Please start at the first line of the records beneath and quote each line exactly, ending with the line containing "mu <= (alpha + beta * D) * X) ->".

----- Extracted information -----

Lemma max_le_of_weighted_bounds (c D X m : R) : 0 <= c -> 0 < D -> 0 < X ->
  (forall alpha beta mu : R, 0 < alpha -> 0 < beta ->
     (forall z : R, 0 <= z ->
        mu <= lam / q * (alpha * q `^ (- z) + beta * zpow_term lam c z)) ->
     mu <= (alpha + beta * D) * X) ->
  (forall z : R, 0 < z ->
     m <= Num.max (lam / q * q `^ (- z)) (lam / q * (z / D) * q `^ (- (c / z)))) ->
  m <= X.
Proof.
move=> c_ge0 D_gt0 X_gt0 bound hm.
have lq_gt0 : 0 < lam / q by rewrite divr_gt0.
have powN_le1 x : 0 <= x -> q `^ (- x) <= 1.
  move=> x_ge0; rewrite -[X in _ <= X](powRr0 q).
  by apply: ler_powR; rewrite ?oppr_le0 // ltW.
have [lq_le|X_lt] := leP (lam / q) X.
  apply: le_trans (hm D D_gt0) _; rewrite ge_max divff ?gt_eqF // mulr1.
  by apply/andP; split; apply: le_trans lq_le;
    rewrite ger_pMr // powN_le1 // ?divr_ge0 // ltW.
have r_gt1 : 1 < lam / (q * X).
  by rewrite ltr_pdivlMr ?mulr_gt0 // mul1r mulrC -ltr_pdivlMr.
set z0 := ln (lam / (q * X)) / ln q.
have z0_gt0 : 0 < z0 by rewrite divr_gt0 // ln_gt0.
have P_z0 : lam / q * q `^ (- z0) = X.
  rewrite /powR gt_eqF // mulNr /z0 divfK ?gt_eqF // expRN lnK ?posrE ?(lt_trans ltr01) //.
  by field; rewrite !gt_eqF.
set E0 := q `^ (- (c / z0)).
have s_gt0 : 0 < 1 + c / z0 * ln q.
  exact: ltr_wpDr (mulr_ge0 (divr_ge0 c_ge0 (ltW z0_gt0)) (ltW lnq_gt0)) ltr01.
(* [K] makes the derivative of [K q^(-z) + zpow_term lam c z] vanish at [z0]. *)
set K := E0 * (1 + c / z0 * ln q) / (ln q * q `^ (- z0)).
have K_gt0 : 0 < K by rewrite /K divr_gt0 ?mulr_gt0 ?powR_gt0.
have slope : K * ln q * q `^ (- z0) = E0 * (1 + c / z0 * ln q).
  by rewrite /K -mulrA divfK // mulf_neq0 ?gt_eqF ?powR_gt0.
have argmin z : 0 <= z -> lam / q * (K * q `^ (- z0) + zpow_term lam c z0)
    <= lam / q * (K * q `^ (- z) + 1 * zpow_term lam c z).
  move=> z_ge0; rewrite mul1r; apply: ler_wpM2l; first exact: ltW.
  exact: zpow_term_argmin (ltW K_gt0) slope.
have := bound K 1 _ K_gt0 ltr01 argmin.
rewrite mulrDr mulrCA P_z0 /zpow_term gt_eqF // mul1r mulrDl -/E0 => B_z0.
apply: le_trans (hm z0 z0_gt0) _; rewrite ge_max P_z0 lexx /= -/E0.
rewrite (_ : _ * _ * E0 = lam / q * (z0 * E0) / D); last by field; rewrite !gt_eqF.
by rewrite ler_pdivrMr // mulrC; lra.
Qed.

End OccupancyInequalities.

Lemma big_subset_split (R : Type) (idx : R) (op : Monoid.com_law idx) (T : finType)
    (S A : {set T}) (F : {set T} -> R) :
  \big[op/idx]_(K : {set T} | K \subset S) F K =
  \big[op/idx]_(J : {set T} | J \subset S :\: A)
     \big[op/idx]_(B : {set T} | B \subset S :&: A) F (J :|: B).
Proof.
rewrite pair_big /= (reindex_onto (fun p : {set T} * {set T} => p.1 :|: p.2)
  (fun K => (K :\: A, K :&: A))) /=; last by move=> K _; rewrite setUC setID.
apply: eq_bigl => -[J B] /=; rewrite subsetD subsetI.
apply/andP/and3P => [[KS /eqP[eJ eB]]|[/andP[JS JA] BS BA]].
  rewrite -[in [disjoint J & A]]eJ -[in B \subset A]eB subsetIr disjoints_subset subsetDr.
  rewrite andbT; split=> //; [rewrite -eJ | rewrite -eB];
    apply: subset_trans KS; [exact: subsetDl | exact: subsetIl].
split; first by rewrite subUset JS.
rewrite setDUl setIUl (setDidPl JA) (disjoint_setI0 JA) (setIidPl BA).
by rewrite (eqP (_ : B :\: A == set0)) ?setU0 ?set0U // setD_eq0.
Qed.

Lemma sum_expr_subsets (R : comPzSemiRingType) (T : finType) (X : {set T}) (x : R) :
  \sum_(K : {set T} | K \subset X) x ^+ #|K| = (1 + x) ^+ #|X|.
Proof.
have := @bigA_distr R 0 1 *%R +%R T (fun i => if i \in X then x else 0) (fun=> 1).
rewrite (bigID (mem X)) /= [X in _ * X]big1 => [|i /negPf->]; last by rewrite add0r.
rewrite mulr1 (eq_bigr (fun=> 1 + x)) => [|i ->]; last by rewrite addrC.
rewrite prodr_const => ->; rewrite big_mkcond /=; apply: eq_bigr => K _.
rewrite -big_mkcond /=; case: ifPn => [/subsetP KX | /subsetPn[i iK iX]].
  by rewrite -prodr_const; apply: eq_bigr => i /KX ->.
by rewrite (bigD1 i) //= (negPf iX) mul0r.
Qed.

Section Graphs.
Variables (T : finType) (e : rel T).
Hypotheses (e_sym : symmetric e) (e_irr : irreflexive e).

Definition closed_nbhd (v : T) : {set T} := v |: nbhd e v.

Definition uncovered (J : {set T}) : {set T} := [set u | [forall w in J, ~~ e u w]].

Lemma independentP (I : {set T}) :
  reflect {in I &, forall u w, ~~ e u w} (independent e I).
Proof.
apply: (iffP forall_inP) => [indI u w uI | indI u uI].
  by move/forall_inP: (indI u uI); apply.
by apply/forall_inP => w; apply: indI.
Qed.

Lemma independentS (A B : {set T}) : A \subset B -> independent e B -> independent e A.
Proof.
move=> /subsetP AB /independentP indB; apply/independentP => u w /AB uB /AB.
exact: indB.
Qed.

Lemma independent0 : independent e set0.
Proof. by apply/independentP => u w; rewrite inE. Qed.

Lemma independent1 (x : T) : independent e [set x].
Proof. by apply/independentP => u w /set1P-> /set1P->; rewrite e_irr. Qed.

-----

▶ _Answer space_
Lemma max_le_of_weighted_bounds (c D X m : R) : 0 <= c -> 0 < D -> 0 < X ->
  (forall alpha beta mu : R, 0 < alpha -> 0 < beta ->
     (forall z : R, 0 <= z ->
        mu <= lam / q * (alpha * q `^ (- z) + beta * zpow_term lam c z)) ->
     mu <= (alpha + beta * D) * X) ->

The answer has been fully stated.